Sherald will visit The Bryn Mawr School in late April to meet with Upper School students and arts faculty. The Howard P. Colhoun Family Woman of Consequence Award will be presented during a private event in the evening, featuring a moderated conversation between Sherald and Christopher Bedford P’27, 30, Helen and Charles Schwab Director, San Francisco Museum of Modern Art. 

Born in Columbus, Georgia, and now based in the New York City area, Amy Sherald documents contemporary African American experience in the United States through arresting, otherworldly figurative paintings. Sherald engages with the history of photography and portraiture, inviting viewers to participate in a more complex debate about accepted notions of race and representation, and to situate Black life centrally in American art. 
  
Sherald received her MFA in painting from Maryland Institute College of Art and BA in painting from Clark-Atlanta University.
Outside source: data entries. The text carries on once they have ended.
Theorem nonderogatory_cyclic N (P : 'M[F]_N.+1) :
  powers_free N.+1 P -> exists w, cyclic_vector P w.
Proof.
elim: N P => [|N IHN] P freeP.
  exists 1; rewrite /cyclic_vector (_ : krylov 1 P 1 = 1) ?unitmx1 //.
  by apply/matrixP => i j; rewrite !ord1 !mxE big_ord1 expr0 !mxE eqxx mulr1.
have [S [l [c [d [Su PS]]]]] := similar_block_lower (P : 'M_(1 + N.+1)).
have freeQ : powers_free N.+2 (block_mx l%:M 0 c d).
  by rewrite -PS; exact: powers_free_conj.
have [w' cyc_w'] := IHN d (powers_free_block_lower freeQ).
have [x cyc_xw'] := cyclic_block_lower freeQ cyc_w'.
by exists (row_mx x w' *m S); apply: cyclic_vector_conj Su _; rewrite PS.
Qed.

End ClosedField.

Lemma mulmx_tr_entry (R : pzSemiRingType) m n k (A : 'M[R]_(m, n)) (B : 'M[R]_n)
    (C : 'M[R]_(k, n)) i j :
  (A *m B *m C^T) i j = (row i A *m B *m (row j C)^T) 0 0.
Proof.
rewrite !mxE; apply: eq_bigr => l _; rewrite !mxE; congr (_ * _).
by apply: eq_bigr => t _; rewrite !mxE.
Qed.

Section SkewIntertwiner.
Variable F : fieldType.
Hypothesis two_neq0 : (2%:R : F) != 0.

(* A skew-symmetric Y with Y Q^T = Q Y vanishes as soon as Q has a cyclic
   vector w: the skew form of Y takes symmetric values on the Krylov basis,
   (w Q^i) Y (w Q^j)^T = w Q^(i+j) Y w^T. *)
Lemma skew_intertwiner_cyclic n (Q Y : 'M[F]_n.+1) (w : 'rV_n.+1) :
  cyclic_vector Q w -> Y^T = - Y -> Y *m Q^T = Q *m Y -> Y = 0.
Proof.
move=> cyc_w Yskew YQ; set K := krylov n.+1 Q w.
have YQk k : Y *m (Q ^+ k)^T = Q ^+ k *m Y.
  elim: k => [|k IHk]; first by rewrite !expr0 trmx1 mulmx1 mul1mx.
  rewrite exprS -mulmxE trmx_mul mulmxA IHk -mulmxA YQ mulmxA.
  by rewrite -[_ *m Q]/(_ * Q) -exprSr exprS.
have form_shift i j :
    w *m Q ^+ i *m Y *m (w *m Q ^+ j)^T = w *m Q ^+ (i + j) *m Y *m w^T.
  rewrite trmx_mul !mulmxA -(mulmxA _ Y) YQk !mulmxA -(mulmxA w).
  by rewrite -[Q ^+ i *m Q ^+ j]/(Q ^+ i * Q ^+ j) -exprD.
have T_sym : (K *m Y *m K^T)^T = K *m Y *m K^T.
  apply/matrixP => i j; rewrite mxE [LHS]mulmx_tr_entry [RHS]mulmx_tr_entry.
  by rewrite !rowK !form_shift addnC.
have T_skew : (K *m Y *m K^T)^T = - (K *m Y *m K^T).
  by rewrite !trmx_mul trmxK Yskew mulNmx mulmxN mulmxA.
have T0 : K *m Y *m K^T = 0.
  have : 2%:R *: (K *m Y *m K^T) = 0.
    by rewrite scaler_nat mulr2n -{1}T_sym T_skew addNr.
  by move/eqP; rewrite scalemx_eq0 (negPf two_neq0) => /eqP.
have KTu : K^T \in unitmx by rewrite unitmx_tr.
by rewrite -(mulKmx cyc_w Y) -(mulmxK KTu (K *m Y)) T0 mul0mx mulmx0.
Qed.

End SkewIntertwiner.

Section PowersSpan.
Variable F : fieldType.

Lemma powers_spanP m n (W X : 'M[F]_n.+1) :
  (X \in powers_span m W)%MS <-> exists v : 'rV_m, X = horner_mx W (rVpoly v).
Proof.
split => [/submxP[v Xv] | [v ->]]; last by rewrite horner_rVpoly vec_mxK submxMl.
by exists v; rewrite horner_rVpoly -Xv mxvecK.
Qed.

Lemma rank_powers_span m n (W : 'M[F]_n.+1) :
  powers_free m W -> \rank (powers_span m W) = m.
Proof.
move=> freeW; apply/eqP; change (row_free (powers_span m W)).
rewrite -kermx_eq0; apply/rowV0P => v /sub_kermxP vW0.
have /freeW[] : horner_mx W (rVpoly v) = 0 by rewrite horner_rVpoly vW0 linear0.
  by move/(congr1 (@poly_rV _ m)); rewrite rVpolyK linear0.
by rewrite ltnNge size_poly.
Qed.

End PowersSpan.

Section Symplectic.
Variable F : fieldType.
Local Notation J q := (Jmx F q).

Lemma Jmx_sqr q : J q *m J q = - 1%:M.
Proof.
rewrite /Jmx mulmx_block !mul0mx !mulmx0 !add0r !addr0 mulmxN mul1mx mulNmx mul1mx.
by rewrite (scalar_mx_block q q 1) opp_block_mx oppr0.
Qed.

Lemma Jmx_tr q : (J q)^T = - J q.
Proof.
by rewrite /Jmx tr_block_mx !trmx0 trmx1 linearN /= trmx1 opp_block_mx !oppr0 opprK.
Qed.

(* Conjugating J A by a symplectic M amounts to the congruence A |-> M^T A M,
   using M^-1 = - J M^T J. *)
Lemma symplectic_conj_JA q (M A : 'M[F]_(q + q)) : symplectic M -> M \in unitmx ->
  invmx M *m (J q *m A) *m M = J q *m (M^T *m A *m M).
Proof.
move=> Msp Mu; have invM : invmx M = - (J q *m M^T *m J q).
  rewrite -[RHS](mulmxK Mu) mulNmx -!mulmxA (mulmxA M^T) Msp Jmx_sqr.
  by rewrite opprK mul1mx.
rewrite invM !mulNmx -!mulmxA (mulmxA (J q) (J q)) Jmx_sqr.
by rewrite !mulNmx !mul1mx !mulmxN opprK !mulmxA.
Qed.

Lemma horner_skew_hamiltonian q (W : 'M[F]_(q.+1 + q.+1)) g :
  skew_hamiltonian W ->
  exists2 A, skew_sym A & horner_mx W g = J q.+1 *m A.
Proof.
move=> JW; exists (- (J q.+1 *m horner_mx W g)); last first.
  by rewrite mulmxN mulmxA Jmx_sqr mulNmx mul1mx opprK.
have JWg : J q.+1 *m horner_mx W g = horner_mx W^T g *m J q.+1.
  elim/poly_ind: g => [|g c IHg]; first by rewrite !rmorph0 mulmx0 mul0mx.
  rewrite !(rmorphD, rmorphM) /= !(horner_mx_X, horner_mx_C) mulmxDr mulmxDl.
  rewrite -[_ * W]/(_ *m W) -[_ * W^T]/(_ *m W^T) mulmxA IHg -mulmxA JW mulmxA.
  by rewrite scalar_mxC.
rewrite /skew_sym linearN /= trmx_mul Jmx_tr mulmxN opprK horner_mx_tr.
by rewrite JWg opprK.
Qed.

End Symplectic.

Section ModelCase.
Variable F : fieldType.
Hypothesis two_neq0 : (2%:R : F) != 0.

(* The theorem for W = diag(P, P^T) itself: if J A commutes with it then the
   diagonal blocks of J A are g(P), g(P^T) for one polynomial g and the
   off-diagonal blocks are skew intertwiners, hence zero. *)
Lemma JA_commuting_block_diag q (P : 'M[F]_q.+1) (w w2 : 'rV_q.+1)
    (A : 'M[F]_(q.+1 + q.+1)) :
  cyclic_vector P w -> cyclic_vector P^T w2 -> skew_sym A ->
  Jmx F q.+1 *m A *m block_mx P 0 0 P^T = block_mx P 0 0 P^T *m (Jmx F q.+1 *m A) ->
  exists v : 'rV_q.+1, Jmx F q.+1 *m A = horner_mx (block_mx P 0 0 P^T) (rVpoly v).
Proof.
move=> cyc_w cyc_w2; rewrite /skew_sym -[A]submxK.
move: (ulsubmx A) (ursubmx A) (dlsubmx A) (drsubmx A) => a b c d.
rewrite tr_block_mx opp_block_mx => /eq_block_mx[a_skew c_b _ d_skew].
have -> : Jmx F q.+1 *m block_mx a b c d = block_mx c d (- a) (- b).
  by rewrite /Jmx mulmx_block !mul0mx !add0r !addr0 !mul1mx !mulNmx !mul1mx.
rewrite !mulmx_block !mul0mx !mulmx0 !add0r !addr0 => /eq_block_mx[cP dP aP _].
have [v c_v] := commutant_cyclic cyc_w cP.
have d0 : d = 0 := skew_intertwiner_cyclic two_neq0 cyc_w d_skew dP.
have a0 : a = 0.
  apply: (skew_intertwiner_cyclic two_neq0 cyc_w2 a_skew); rewrite trmxK.
  by apply: oppr_inj; rewrite -mulNmx aP mulmxN.
by exists v; rewrite horner_block_diag -horner_mx_tr -c_v -c_b d0 a0 oppr0.
Qed.

End ModelCase.
Theorem lemma3p5 (R : realType) (p : R) (d : nat) (l : nat -> nat)
  (Delta mu nu Theta M lam : R) (m : nat) (s : nat -> nat -> R) :
  1 < p ->
  (forall j, (1 <= j <= d.+1)%N -> (0 < l j)%N) ->
  0 < Delta < 1 -> 0 < mu < 1 -> 0 < nu < 1 -> 0 < Theta -> 1 < M -> 0 < lam ->
  (* s_I in (0, oo) for all I in T *)
  (forall i a, (i <= d.+1)%N -> (a < cnt l i)%N -> 0 < sv s l d i a) ->
  (* (i) *)
  (forall i a, (i <= d)%N -> (a < cnt l i)%N ->
     sv s l d i a <= \sum_(b < l i.+1) sv s l d i.+1 (a * l i.+1 + b)) ->
  (* (ii) max_{I in Lambda_j} s_I <= M min_{I in Lambda_j} s_I *)
  (forall j a b, (j <= d)%N -> (a < cnt l j)%N -> (b < cnt l j)%N ->
     sv s l d j a <= M * sv s l d j b) ->
  (* (iii) *)
  sv s l d 0 0 `^ p >
    (1 - nu / 2) * (Theta `^ p / lam `^ p)
    * (\prod_(1 <= i < d.+2) (l i)%:R `^ (p - 1))
    * (\sum_(a < cnt l d.+1) sv s l d d.+1 a `^ p) ->
  (* (iv) *)
  (1 - mu * Delta / M `^ p) ^+ m < (1 - nu / 2) * (Theta `^ p / lam `^ p) ->
  (#|[set j : 'I_d |
      ((#|[set a : 'I_(cnt l j) |
          sv s l d j a `^ p <=
            (1 - mu) * (l j.+1)%:R `^ (p - 1)
            * \sum_(b < l j.+1) sv s l d j.+1 (a * l j.+1 + b) `^ p]|)%:R
      >= Delta * (cnt l j)%:R)%R]| <= m)%N.
Proof.
move=> p_gt1 _ /andP[Delta_gt0 Delta_lt1] /andP[mu_gt0 mu_lt1] _ _ M_gt1 _.
move=> s_gt0 s_le_children s_le_M root_large decay_small.
have p_ge1 := ltW p_gt1; have M_gt0 := lt_trans ltr01 M_gt1.
have s_ge0 i a (le_id : (i <= d.+1)%N) (lt_a : (a < cnt l i)%N) := ltW (s_gt0 i a le_id lt_a).
have Mp_ge1 : 1 <= M `^ p.
  by rewrite -(powRr0 M) (ler_powR (ltW M_gt1)) // (le_trans ler01 p_ge1).
set r := 1 - mu * Delta / M `^ p.
have r_ge0 : 0 <= r.
  rewrite subr_ge0 ler_pdivrMr ?mul1r ?(lt_le_trans ltr01 Mp_ge1) //.
  by apply: le_trans Mp_ge1; rewrite mulr_ile1 // ltW.
have r_le1 : r <= 1 by rewrite gerBl divr_ge0 ?mulr_ge0 ?powR_ge0 // ltW.
change (#|[set j : 'I_d | deficient_level p mu Delta d l s j]| <= m)%N.
have := root_pow_le_deficient_levels p_ge1 M_gt0 (ltW mu_gt0) s_ge0 s_le_children s_le_M r_ge0.
set N := #|[set j : 'I_d | _]| => root_le; rewrite leqNgt; apply/negP => lt_m_N.
have tree_ge0 : 0 <= \prod_(1 <= i < d.+2) (l i)%:R `^ (p - 1) * level_pow_sum p d l s d.+1.
  by rewrite mulr_ge0 ?prodr_ge0 ?sumr_ge0 // => *; apply: powR_ge0.
have rN_le : r ^+ N <= r ^+ m := ler_wiXn2l r_ge0 r_le1 (ltnW lt_m_N).
move: root_large; rewrite -mulrA => root_large.
have := le_trans root_le (ler_wpM2r tree_ge0 (le_trans rN_le (ltW decay_small))).
by move/le_lt_trans/(_ root_large); rewrite ltxx.
Qed.
(* Let $\kappa$ be an uncountable regular cardinal and let $\mathcal{I}$ be a $\kappa$-complete proper ideal on $\kappa$ containing every bounded subset of $\kappa$, and suppose $\mathcal{I}$ contains an unbounded subset of $\kappa$. Let $\nu\in\{2,\kappa\}$. Then every subset of ${}^{\kappa}\nu$ is $\mathcal{I}$-analytic.
   Context: Work in ZFC. For $\mu\in\{2,\kappa\}$, ${}^{\kappa}\mu$ is the set of functions $\kappa\to\mu$. For $f\colon D\to\mu$ with $D\in\mathcal{I}$ let $\mathbf{N}_f=\{x\in{}^{\kappa}\mu: f\subseteq x\}$; the $\mathcal{I}$-topology $\tau_{\mathcal{I}}$ on ${}^{\kappa}\mu$ is generated by these sets. A function ${}^{\kappa}\kappa\to{}^{\kappa}\nu$ is $\mathcal{I}$-continuous if it is continuous when both spaces carry $\tau_{\mathcal{I}}$. A set $A\subseteq{}^{\kappa}\nu$ is $\mathcal{I}$-analytic if either $A=\emptyset$ or there are a $\tau_{\mathcal{I}}$-closed set $C\subseteq{}^{\kappa}\kappa$ and an $\mathcal{I}$-continuous function $\Phi\colon{}^{\kappa}\kappa\to{}^{\kappa}\nu$ with $\Phi(C)=A$. *)

From Stdlib Require Import Classical.

(* The cardinal kappa is represented by a type [K] with a strict well-order
   [lt] whose order type is an initial ordinal. *)

Definition injective {A B : Type} (f : A -> B) : Prop :=
  forall x y, f x = f y -> x = y.

Definition strict_well_order {K : Type} (lt : K -> K -> Prop) : Prop :=
  (forall a, ~ lt a a) /\
  (forall a b c, lt a b -> lt b c -> lt a c) /\
  (forall a b, lt a b \/ a = b \/ lt b a) /\
  well_founded lt.

(* |A| < |K| for A a subset of K: K does not inject into A. *)
Definition small {K : Type} (A : K -> Prop) : Prop :=
  ~ exists f : K -> K, (forall x, A (f x)) /\ injective f.

Definition bounded {K : Type} (lt : K -> K -> Prop) (A : K -> Prop) : Prop :=
  exists a, forall b, A b -> lt b a.

Definition uncountable_regular_cardinal {K : Type} (lt : K -> K -> Prop) : Prop :=
  strict_well_order lt /\
  (* initial ordinal: every proper initial segment has smaller cardinality *)
  (forall a, small (fun b => lt b a)) /\
  (~ exists f : K -> nat, injective f) /\
  (forall A : K -> Prop, small A -> bounded lt A).

Definition kappa_complete_proper_ideal {K : Type} (lt : K -> K -> Prop)
  (I : (K -> Prop) -> Prop) : Prop :=
  I (fun _ => False) /\
  (forall A B : K -> Prop, I A -> (forall x, B x -> A x) -> I B) /\
  (forall A B : K -> Prop, I A -> I B -> I (fun x => A x \/ B x)) /\
  ~ I (fun _ => True) /\
  (* kappa-complete: unions of fewer than kappa members (families indexed
     by a subset J of kappa with |J| < kappa) *)
  (forall (J : K -> Prop) (F : K -> K -> Prop),
      small J -> (forall j, J j -> I (F j)) ->
      I (fun x => exists j, J j /\ F j x)) /\
  (forall A : K -> Prop, bounded lt A -> I A).

(* Basic open set N_f for f = x|D, D in I. *)
Definition basic_nbhd {K Y : Type} (D : K -> Prop) (x : K -> Y) : (K -> Y) -> Prop :=
  fun z => forall a, D a -> z a = x a.

(* I-topology on ^kappa Y: the topology generated by the N_f, f : D -> Y,
   D in I.  Since these sets are closed under finite intersections (I is
   closed under finite unions) they form a base, so U is open iff each
   point of U has a basic neighbourhood inside U. *)
Definition I_open {K Y : Type} (I : (K -> Prop) -> Prop) (U : (K -> Y) -> Prop) : Prop :=
  forall x, U x -> exists D, I D /\ forall z, basic_nbhd D x z -> U z.

Definition I_closed {K Y : Type} (I : (K -> Prop) -> Prop) (C : (K -> Y) -> Prop) : Prop :=
  I_open I (fun z => ~ C z).

Definition I_continuous {K Y : Type} (I : (K -> Prop) -> Prop)
  (Phi : (K -> K) -> (K -> Y)) : Prop :=
  forall U : (K -> Y) -> Prop, I_open I U -> I_open I (fun x => U (Phi x)).

Definition I_analytic {K Y : Type} (I : (K -> Prop) -> Prop) (A : (K -> Y) -> Prop) : Prop :=
  (forall y, ~ A y) \/
  exists (C : (K -> K) -> Prop) (Phi : (K -> K) -> (K -> Y)),
    I_closed I C /\ I_continuous I Phi /\
    (forall y, A y <-> exists x, C x /\ Phi x = y).

From Stdlib Require Import Classical ClassicalEpsilon FunctionalExtensionality.

(* An unbounded set D in I has size kappa by regularity, so there is an
   injection e of kappa into D, and for a surjection r : kappa -> nu the map
   x |-> r o x o e sends ^kappa kappa onto ^kappa nu while reading only the
   coordinates in D.
   A map depending only on the coordinates in a set of I is locally constant
   for the I-topology, hence continuous; composing with a retraction onto A
   exhibits any nonempty A as a continuous image of the closed set ^kappa kappa. *)

Definition depends_only_on {K X Z : Type} (D : K -> Prop) (g : (K -> X) -> Z) : Prop :=
  forall x z, basic_nbhd D x z -> g z = g x.

Lemma depends_only_on_comp {K X Z W : Type} (D : K -> Prop)
    (g : (K -> X) -> Z) (h : Z -> W) :
  depends_only_on D g -> depends_only_on D (fun x => h (g x)).
Proof. intros Hg x z Hxz. now rewrite (Hg x z Hxz). Qed.

Lemma I_closed_full {K X : Type} (I : (K -> Prop) -> Prop) :
  I_closed I (fun _ : K -> X => True).
Proof. intros x Hx. contradiction (Hx Logic.I). Qed.

Lemma I_continuous_of_depends_only_on {K Y : Type} (I : (K -> Prop) -> Prop)
    (D : K -> Prop) (Phi : (K -> K) -> (K -> Y)) :
  I D -> depends_only_on D Phi -> I_continuous I Phi.
Proof.
  intros HD HPhi U _ x Hx.
  exists D; split; [exact HD|].
  intros z Hxz. now rewrite (HPhi x z Hxz).
Qed.

Lemma I_analytic_of_surjective_map {K Y : Type} (I : (K -> Prop) -> Prop)
    (D : K -> Prop) (g : (K -> K) -> (K -> Y)) :
  I D -> depends_only_on D g -> (forall y, exists x, g x = y) ->
  forall A : (K -> Y) -> Prop, I_analytic I A.
Proof.
  intros HD Hg Hsurj A.
  destruct (classic (exists a, A a)) as [[a0 Ha0] | Hempty].
  2: { left. intros y Hy. apply Hempty. now exists y. }
  right.
  set (retract := fun y => if excluded_middle_informative (A y) then y else a0).
  assert (Hretract_in : forall y, A (retract y)).
  { intros y. unfold retract. now destruct (excluded_middle_informative (A y)). }
  assert (Hretract_id : forall y, A y -> retract y = y).
  { intros y Hy. unfold retract. now destruct (excluded_middle_informative (A y)). }
  exists (fun _ => True), (fun x => retract (g x)).
  split; [apply I_closed_full|]; split.
  - exact (I_continuous_of_depends_only_on I D _ HD (depends_only_on_comp D g retract Hg)).
  - intros y; split.
    + intros Hy. destruct (Hsurj y) as [x Hx].
      exists x. split; [exact Logic.I|]. subst y. now apply Hretract_id.
    + intros [x [_ Hx]]. subst y. apply Hretract_in.
Qed.

Lemma left_inverse_of_injective {A B : Type} (f : A -> B) :
  inhabited A -> injective f -> exists g : B -> A, forall a, g (f a) = a.
Proof.
  intros [a0] Hf.
  destruct (choice (fun b a => (exists a', f a' = b) -> f a = b)) as [g Hg].
  { intros b. destruct (classic (exists a', f a' = b)) as [[a Ha] | Hnone].
    - now exists a.
    - exists a0. intros Hsome. contradiction. }
  exists g. intros a. apply Hf, Hg. now exists a.
Qed.

Section Recoding.

Variables (K Y : Type) (e : K -> K) (r : K -> Y).

Definition recode (x : K -> K) : K -> Y := fun k => r (x (e k)).

Lemma depends_only_on_recode (D : K -> Prop) :
  (forall k, D (e k)) -> depends_only_on D recode.
Proof.
  intros HeD x z Hxz. unfold recode.
  extensionality k. now rewrite (Hxz (e k) (HeD k)).
Qed.

Lemma recode_surjective :
  inhabited K -> injective e -> (forall y, exists k, r k = y) ->
  forall y : K -> Y, exists x, recode x = y.
Proof.
  intros HK He Hr y.
  destruct (left_inverse_of_injective e HK He) as [e' He'].
  destruct (choice (fun y0 k => r k = y0) Hr) as [s Hs].
  exists (fun j => s (y (e' j))).
  unfold recode. extensionality k. now rewrite He', Hs.
Qed.

End Recoding.

Lemma injection_into_unbounded {K : Type} (lt : K -> K -> Prop) (D : K -> Prop) :
  (forall A : K -> Prop, small A -> bounded lt A) -> ~ bounded lt D ->
  exists e : K -> K, (forall k, D (e k)) /\ injective e.
Proof. intros Hregular HD. apply NNPP. intros Hsmall. exact (HD (Hregular D Hsmall)). Qed.

Lemma two_points_of_uncountable {K : Type} :
  ~ (exists f : K -> nat, injective f) -> exists k0 k1 : K, k0 <> k1.
Proof.
  intros Huncount. apply NNPP. intros Hsub.
  apply Huncount. exists (fun _ => 0). intros x y _.
  apply NNPP. intros Hxy. apply Hsub. now exists x, y.
Qed.

Lemma surjection_onto_bool_or_self {K Y : Type} (k0 k1 : K) :
  k0 <> k1 -> (Y = bool \/ Y = K) -> exists r : K -> Y, forall y, exists k, r k = y.
Proof.
  intros Hk [-> | ->].
  - exists (fun k => if excluded_middle_informative (k = k0) then true else false).
    intros [|]; [exists k0 | exists k1];
      destruct excluded_middle_informative; congruence.
  - exists (fun k => k). intros y. now exists y.
Qed.

Theorem corollary5p3 (K : Type) (lt : K -> K -> Prop) (I : (K -> Prop) -> Prop)
  (Y : Type) :
  uncountable_regular_cardinal lt ->
  kappa_complete_proper_ideal lt I ->
  (exists A : K -> Prop, I A /\ ~ bounded lt A) ->
  (Y = bool \/ Y = K) ->
  forall A : (K -> Y) -> Prop, I_analytic I A.
Proof.
  intros [_ [_ [Huncount Hregular]]] _ [D [HD Hunbounded]] HY.
  destruct (injection_into_unbounded lt D Hregular Hunbounded) as [e [HeD He]].
  destruct (two_points_of_uncountable Huncount) as [k0 [k1 Hk]].
  destruct (surjection_onto_bool_or_self k0 k1 Hk HY) as [r Hr].
  apply (I_analytic_of_surjective_map I D (recode K Y e r) HD).
  - exact (depends_only_on_recode K Y e r D HeD).
  - exact (recode_surjective K Y e r (inhabits k0) He Hr).
Qed.
Lemma sqr_invQS_diag_gt0 S u : S != set0 -> 0 < (G S *m G S) u u.
Proof.
move=> S0; rewrite lt0r sqr_invQS_ge0 // andbT; apply/eqP => sq0.
have col0 i : G S i u = 0.
  have sq_ge0 k : true -> 0 <= G S k u * G S k u by rewrite mulr_ge0 ?invQS_ge0.
  have sum0 : \sum_k G S k u * G S k u = 0.
    by rewrite -[RHS]sq0 mxE; apply: eq_bigr => k _; rewrite invQS_sym.
  by have /eqP := @psumr_eq0P _ _ _ _ sq_ge0 sum0 i isT; rewrite mulf_eq0 orbb => /eqP.
have := QS_mul_invE u u S0; rewrite eqxx big1 => [/eqP|k _]; last by rewrite col0 mulr0.
by rewrite eq_sym oner_eq0.
Qed.

Lemma invQS_sqr_minor_le S u v : S != set0 ->
  G S u v * (G S *m G S) u u <= G S u u * (G S *m G S) u v.
Proof.
move=> S0; rewrite -subr_ge0 !mxE !mulr_sumr -sumrB sumr_ge0 // => i _.
rewrite (_ : _ - _ = G S u i * (G S u u * G S i v - G S u v * G S i u)); last by ring.
by rewrite mulr_ge0 ?invQS_ge0 ?invQS_minor_ge0.
Qed.

Lemma QS_setU1 S u : u \notin S -> Q (S :|: [set u]) = Q S + kappa u *: delta_mx u u.
Proof.
move=> uS; apply/matrixP => i j; rewrite !mxE -addrA; congr (_ + _).
rewrite !inE; have [->|iu] := eqVneq i u; last by rewrite orbF mulr0 addr0.
by rewrite (negbTE uS) /= mul0rn add0r eq_sym; case: (j == u); rewrite ?mulr1 ?mulr0.
Qed.

Lemma invQS_denom_gt0 S u : S != set0 -> 0 < 1 + kappa u * G S u u.
Proof. by move=> S0; rewrite ltr_pwDl ?mulr_ge0 ?invQS_ge0 // ltW. Qed.

Lemma invQS_setU1 S u : S != set0 -> u \notin S ->
  G (S :|: [set u]) =
  G S - (kappa u / (1 + kappa u * G S u u)) *: (col u (G S) *m row u (G S)).
Proof.
move=> S0 uS; rewrite QS_setU1 // invmx_add_delta ?QS_unit //.
by rewrite gt_eqF ?invQS_denom_gt0.
Qed.

Lemma trQinv_setU1 S u : S != set0 -> u \notin S ->
  F S - F (S :|: [set u]) = kappa u / (1 + kappa u * G S u u) * (G S *m G S) u u.
Proof.
move=> S0 uS; rewrite /trQinv invQS_setU1 // raddfB /= mxtraceZ mxtrace_col_mul_row.
by rewrite opprB addrC subrK.
Qed.

Lemma trQinv_setU1_lt S u : S != set0 -> u \notin S -> F (S :|: [set u]) < F S.
Proof.
move=> S0 uS; rewrite -subr_gt0 trQinv_setU1 //.
by rewrite mulr_gt0 ?divr_gt0 ?sqr_invQS_diag_gt0 ?invQS_denom_gt0.
Qed.

Lemma trQinv_ge0 S : S != set0 -> 0 <= F S.
Proof. by move=> S0; rewrite /trQinv /mxtrace sumr_ge0 // => i _; rewrite invQS_ge0. Qed.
Sherald was the first woman and first African-American to ever receive the grand prize in the 2016 Outwin Boochever Portrait Competition from the National Portrait Gallery in Washington D.C.; she also received the 2017 Anonymous Was A Woman award and the 2019 Smithsonian Ingenuity Award. In 2018, Sherald was selected by First Lady Michelle Obama to paint her portrait as an official commission for the National Portrait Gallery. 
Sherald’s work is held in public collections such as the Whitney Museum of American Art, New York, NY; the Los Angeles County Museum of Art, Los Angeles, CA; the Museum of Fine Arts Boston, Boston, MA; the Crystal Bridges Museum of American Art, Bentonville, AR; Embassy of the United States, Dakar, Senegal; Smithsonian National Museum of African American History and Culture, Washington, DC; Smithsonian National Portrait Gallery, Washington, DC; Nasher Museum of Art, Durham, NC; and the Long Museum, Shanghai, China.

“I believe in the transformative power of education so I am thrilled to be receiving this honor from Bryn Mawr and to participate in a legacy of generations of female empowerment,” Sherald said.